SAN FRANCISCO (AP) - Barry Bonds‘ post-trial hearing was postponed from Friday to June 17, giving prosecutors more time to consider whether to retry the home run king and allowing the former player’s lawyers another month to sharpen their arguments for throwing out the lone conviction.
The seven-time NL MVP was convicted of one count of obstruction of justice April 13 for giving an evasive answer in 2003 to a grand jury investigating the distribution of performance-enhancing drugs.
The federal court jury, which deliberated for four days, deadlocked on three counts charging the former San Francisco Giants star with making false statements when he denied knowingly using performance-enhancing drugs and when he said only his doctors injected him.
Bonds‘ lawyers and federal prosecutors announced an agreement on the delay Wednesday.

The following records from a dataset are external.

(* Factor set on L, where Q plays the role of L/Z(L) (cf. center_quotient). *)
Definition factor_set (L Q : lieSuper K) (r : lsT Q -> lsT Q -> lsT L) : Prop :=
  (forall a x y z, r (a *: x + y) z = a *: r x z + r y z) /\
  (forall a x y z, r z (a *: x + y) = a *: r z x + r z y) /\
  (forall x y, center L (r x y)) /\
  (forall (a b : bool) x y, x \in lsdeg Q a -> y \in lsdeg Q b ->
      r x y \in lsdeg L (a (+) b)) /\
  (forall (a b : bool) x y, x \in lsdeg Q a -> y \in lsdeg Q b ->
      r x y = - (sgn a b *: r y x)) /\
  (forall (a b c : bool) x y z,
      x \in lsdeg Q a -> y \in lsdeg Q b -> z \in lsdeg Q c ->
      r (lsbr Q x y) z = r x (lsbr Q y z) - sgn a b *: r y (lsbr Q x z)).

(* f : M -> Z(L) x Q is an isomorphism of Lie superalgebras onto
   (Z(L), Q, r): the pairs (x, q) with x in Z(L), graded componentwise
   ((Z(L),Q,r)_b = (Z(L) :&: L_b) x Q_b), with bracket
   [(x1,a),(x2,b)] = (r a b, [a,b]). *)
Definition iso_ZQr (M L Q : lieSuper K) (r : lsT Q -> lsT Q -> lsT L)
    (f : lsT M -> (lsT L * lsT Q)%type) : Prop :=
  lin f /\
  (forall m, center L (f m).1) /\
  injective f /\
  (forall x q, center L x -> exists m, f m = (x, q)) /\
  (forall b m, m \in lsdeg M b ->
      (f m).1 \in lsdeg L b /\ (f m).2 \in lsdeg Q b) /\
  (forall m n, f (lsbr M m n) =
      (r (f m).2 (f n).2, lsbr Q (f m).2 (f n).2)).

End LieSuper.

(* Isoclinism identifies M/Z(M) with Q = L/Z(L) through phi, and since L and M
   are stem, theta restricts to an even linear bijection Z(L) -> Z(M): central
   elements are derived, and theta [x, l] = [theta x, m] whenever l and m
   correspond under phi.  Hence the induced map g : M -> Q makes M a central
   extension of Q by Z(M) ~ Z(L).  For an even linear section sigma of g, the
   defect r(x, y) = [sigma x, sigma y] - sigma [x, y] is a factor set with
   values in Z(M), and m |-> (m - sigma (g m), g m) maps M isomorphically onto
   (Z(M), Q, r); transporting both along Z(M) ~ Z(L) gives the result. *)

From HB Require Import structures.
From mathcomp Require Import all_boot all_order all_algebra.
From Stdlib Require Import ClassicalEpsilon.

Set Implicit Arguments.
Unset Strict Implicit.
Unset Printing Implicit Defensive.
Import GRing.Theory.
Local Open Scope ring_scope.

Section LinearMaps.
Variables (K : fieldType) (U V : lmodType K) (h : U -> V).
Hypothesis hl : lin h.

Lemma linD x y : h (x + y) = h x + h y.
Proof. by have := hl 1 x y; rewrite !scale1r. Qed.

Lemma lin0 : h 0 = 0.
Proof. by apply: (addIr (h 0)); rewrite -linD !add0r. Qed.

Lemma linZ a x : h (a *: x) = a *: h x.
Proof. by have := hl a x 0; rewrite !addr0 lin0 addr0. Qed.

Lemma linN x : h (- x) = - h x.
Proof. by rewrite -scaleN1r linZ scaleN1r. Qed.

Lemma linB x y : h (x - y) = h x - h y.
Proof. by rewrite linD linN. Qed.

End LinearMaps.

Lemma lin_surj_section (K : fieldType) (U V : vectType K) (h : U -> V) : lin h ->
  (forall v, exists u, h u = v) -> exists s : 'Hom(V, U), cancel s h.
Proof.
move=> hl hs.
pose H : {linear U -> V} := HB.pack h (GRing.isLinear.Build K U V *:%R h hl).
exists (linfun H)^-1%VF => v.
have : v \in limg (linfun H).
  by have [u <-] := hs v; rewrite -[h u](lfunE H) memv_img ?memvf.
by move/limg_lfunVK; rewrite lfunE.
Qed.

Definition graded (K : fieldType) (X : lieSuper K) : Prop :=
  (ls0 X + ls1 X = fullv)%VS /\ (ls0 X :&: ls1 X = 0)%VS.

Definition proj_deg (K : fieldType) (X : lieSuper K) (b : bool) : 'End(lsT X) :=
  daddv_pi (lsdeg X b) (lsdeg X (~~ b)).

Section Grading.
Variables (K : fieldType) (X : lieSuper K).
Hypothesis gX : graded X.

Lemma lsdeg_cap b : (lsdeg X b :&: lsdeg X (~~ b) = 0)%VS.
Proof. by case: gX => _ h; case: b; rewrite //= capvC. Qed.

Lemma memv_proj_deg b x : proj_deg X b x \in lsdeg X b.
Proof. exact: memv_pi. Qed.

Lemma proj_deg_id b x : x \in lsdeg X b -> proj_deg X b x = x.
Proof. exact/daddv_pi_id/lsdeg_cap. Qed.

Lemma proj_deg_sum b x : proj_deg X b x + proj_deg X (~~ b) x = x.
Proof.
rewrite /proj_deg negbK daddv_pi_add ?lsdeg_cap //.
by case: gX => h _; case: b; rewrite /= ?[(ls1 X + _)%VS]addvC h memvf.
Qed.

Lemma proj_deg_eq0 b x : x \in lsdeg X (~~ b) -> proj_deg X b x = 0.
Proof.
move=> hx; have := proj_deg_sum b x; rewrite (proj_deg_id hx) => e.
by rewrite -(addrK x (proj_deg X b x)) e subrr.
Qed.

Lemma lin_eq0_homog (V : lmodType K) (h : lsT X -> V) : lin h ->
  (forall b x, x \in lsdeg X b -> h x = 0) -> forall x, h x = 0.
Proof.
move=> hl h0 x; rewrite -(proj_deg_sum false x) (linD hl).
by rewrite !(h0 _ _ (memv_proj_deg _ _)) addr0.
Qed.

End Grading.

Lemma proj_deg_shift (K : fieldType) (X Y : lieSuper K) (h : lsT X -> lsT Y) (c : bool) :
  graded X -> graded Y -> lin h ->
  (forall b x, x \in lsdeg X b -> h x \in lsdeg Y (b (+) c)) ->
  forall b x, h (proj_deg X b x) = proj_deg Y (b (+) c) (h x).
Proof.
move=> gX gY hl hd b x.
rewrite -{2}(proj_deg_sum gX b x) (linD hl) linearD /=.
have hb := hd _ _ (memv_proj_deg b x).
have hnb := hd _ _ (memv_proj_deg (~~ b) x); rewrite addNb in hnb.
by rewrite (proj_deg_id gY hb) (proj_deg_eq0 gY hnb) addr0.
Qed.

The deadline for Bonds‘ motions asking U.S. District Judge Susan Illston to overrule the jury and find him not guilty on the obstruction count or _ alternatively _ to order a new trial also was reset to June 17.

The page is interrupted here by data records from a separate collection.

Lemma gamma_rec n k : g n.+1 k = g n k + n%:R * s * sshift (g n.-1) k.
Proof.
pose d k := 1 * g n.+1 k + (-1) * (1 * g n k + (n%:R * s) * sshift (g n.-1) k).
have d_supp j : (n.+1./2 < j)%N -> d j = 0.
  move=> lt_half_j; rewrite /d !gamma_supp ?(leq_ltn_trans (half_leq (leqnSn n))) //.
  case: n lt_half_j {d} => [|n] lt_half_j /=; first by rewrite mul0r; ring.
  case: j lt_half_j => [|j] //= lt_half_j; rewrite gamma_supp; first by ring.
  by move: lt_half_j; rewrite !ltn_half_double; lia.
have d_poly : gamma_poly d n.+1 = 0.
  have h_rec' m i : h m.+1 i = 1 * h m i + 1 * sshift (h m) i + m%:R * s * sshift (h m.-1) i.
    by rewrite !mul1r h_rec.
  have hS := homog_rec h_tri h_rec' 'X 1 n.
  rewrite !gamma_poly_lin -!homog_row_gamma gamma_polyS; last exact: gamma_supp.
  rewrite -homog_row_gamma hS scale1r scaleN1r.
  rewrite alg_polyC polyC1 !scale1r mulr1.
  case: n {d d_supp hS h_rec'} => [|n] /=; first by rewrite !mul0r scale0r !addr0 subrr.
  rewrite gamma_poly_shift; last exact: gamma_supp.
  by rewrite -homog_row_gamma -scalerA scaler_nat -!mul_polyC; ring.
apply: subr0_eq; rewrite -(gamma_poly_eq0 d_supp d_poly k) /d; ring.
Qed.

End GammaMatrix.

Lemma ogf_homog (R : comNzRingType) (A : nat -> nat -> R) :
  ogf A = fun n => homog (A n) 'X 1 n.
Proof.
apply: functional_extensionality => n.
by apply: eq_bigr => i _; rewrite expr1n mulr1.
Qed.

Lemma ogf_rev_mul_binmat (R : fieldType) (A : nat -> nat -> R) :
  [pchar R] =i pred0 ->
  ogf (revmat (lt_mxmul A (binmat R))) = fun n => homog (A n) (1 + 'X) 'X n.
Proof.
move=> R_char0; apply: functional_extensionality => n; apply/polyP => j.
rewrite /ogf -poly_def coef_poly /homog coef_sum /revmat /lt_mxmul ltnS.
case: leqP => [le_jn | lt_nj].
  apply: eq_bigr => i _; rewrite binmat_bin // coefZ coefMXn coef_1DX_exp.
  have le_in := ltn_ord i; rewrite ltnS in le_in.
  case: ltnP => [lt_j_ni | le_ni_j]; first by rewrite bin_small //; lia.
  have -> : (j - (n - i) = i - (n - j))%N by lia.
  by rewrite bin_sub //; lia.
rewrite big1 // => i _; rewrite coefZ coefMXn coef_1DX_exp.
have le_in := ltn_ord i; rewrite ltnS in le_in.
by case: ltnP => _; rewrite ?bin_small ?mulr0 //; lia.
Qed.

Theorem proposition4 (R : fieldType) (hR : [pchar R] =i pred0) (r : R)
    (gam : nat -> nat -> R) (hgam : is_gamma_matrix (Hmat r) gam) :
  [/\ is_Jfrac (ogf gam) (fun _ => 1) (fun k => (k%:R * r) *: 'X),
      is_Jfrac (ogf (Hmat r)) (fun _ => 'X + 1) (fun k => (k%:R * r) *: 'X)
    & is_Jfrac (ogf (revmat (eFmat r))) (fun _ => 2%:R *: 'X + 1)
               (fun k => (k%:R * r) *: ('X * ('X + 1)))].
Proof.
have H_tri := @Hmat_tri _ r.
have H_rec n k : Hmat r n.+1 k =
    1 * Hmat r n k + 1 * sshift (Hmat r n) k + n%:R * r * sshift (Hmat r n.-1) k.
  by rewrite Hmat_rec // !mul1r.
have H00 : Hmat r 0%N 0%N = 1 by exact: Hmat_col0.
split.
- rewrite ogf_homog; apply: (@is_Jfrac_homog _ _ 1 0 r) => [||n k|i|k] //.
  + by rewrite (gamma00 hgam).
  + exact: (gamma_tri hgam).
  + by rewrite (gamma_rec hgam H_tri (@Hmat_rec _ r hR)) mul1r mul0r addr0.
  + by rewrite scale1r scale0r addr0.
  + by rewrite mulr1.
- rewrite ogf_homog; apply: (@is_Jfrac_homog _ _ 1 1 r) => // [i|k].
  + by rewrite !scale1r addrC.
  + by rewrite mulr1.
- rewrite /eFmat ogf_rev_mul_binmat //; apply: (@is_Jfrac_homog _ _ 1 1 r) => // [i|k].
  + by rewrite !scale1r scaler_nat mulr2n; ring.
  + by rewrite (mulrC (1 + _)) addrC.
Qed.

In a filing to the court, prosecutors said both sides agreed on the delay “to evaluate the basis and need for post-trial motions, to evaluate witness availability in the event of a retrial, and to ensure counsel has the time necessary for effective preparation of post-trial and pretrial motions in the event of a possible retrial.”
On the obstruction count, rather than say “yes” or “no” to whether he received drugs that required a syringe, Bonds gave a rambling response to a grand jury, stating: “I became a celebrity child with a famous father.”
However, Bonds answered a similar question later during his December 2003 testimony to a grand jury investigating the Bay Area Laboratory Co-Operative steroids ring (BALCO). Bonds‘ lawyers maintain that because he eventually did answer the question, the obstruction conviction should be overturned.
The jury’s final votes were 8-4 to acquit Bonds of lying about taking steroids and 9-3 to acquit him on lying about HGH use. The panel voted 11-1 to convict him of getting an injection from someone other than his doctor.
Bonds, now 46, faces up to 10 years in prison on the obstruction conviction, but federal guidelines call for 15-21 months. For similar offenses, Illston sentenced cyclist Tammy Thomas to six months of home confinement and track coach Trevor Graham to one year of home confinement.
Bonds is the 11th person _ and fourth athlete _ who either was convicted or pleaded guilty in cases developing from the an investigation into the Bay Area Laboratory Co-Operative. Other athletes include Thomas, NFL defensive lineman Dana Stubblefield and Olympic track gold medalist Marion Jones, who also pleaded guilty in a check-fraud scheme.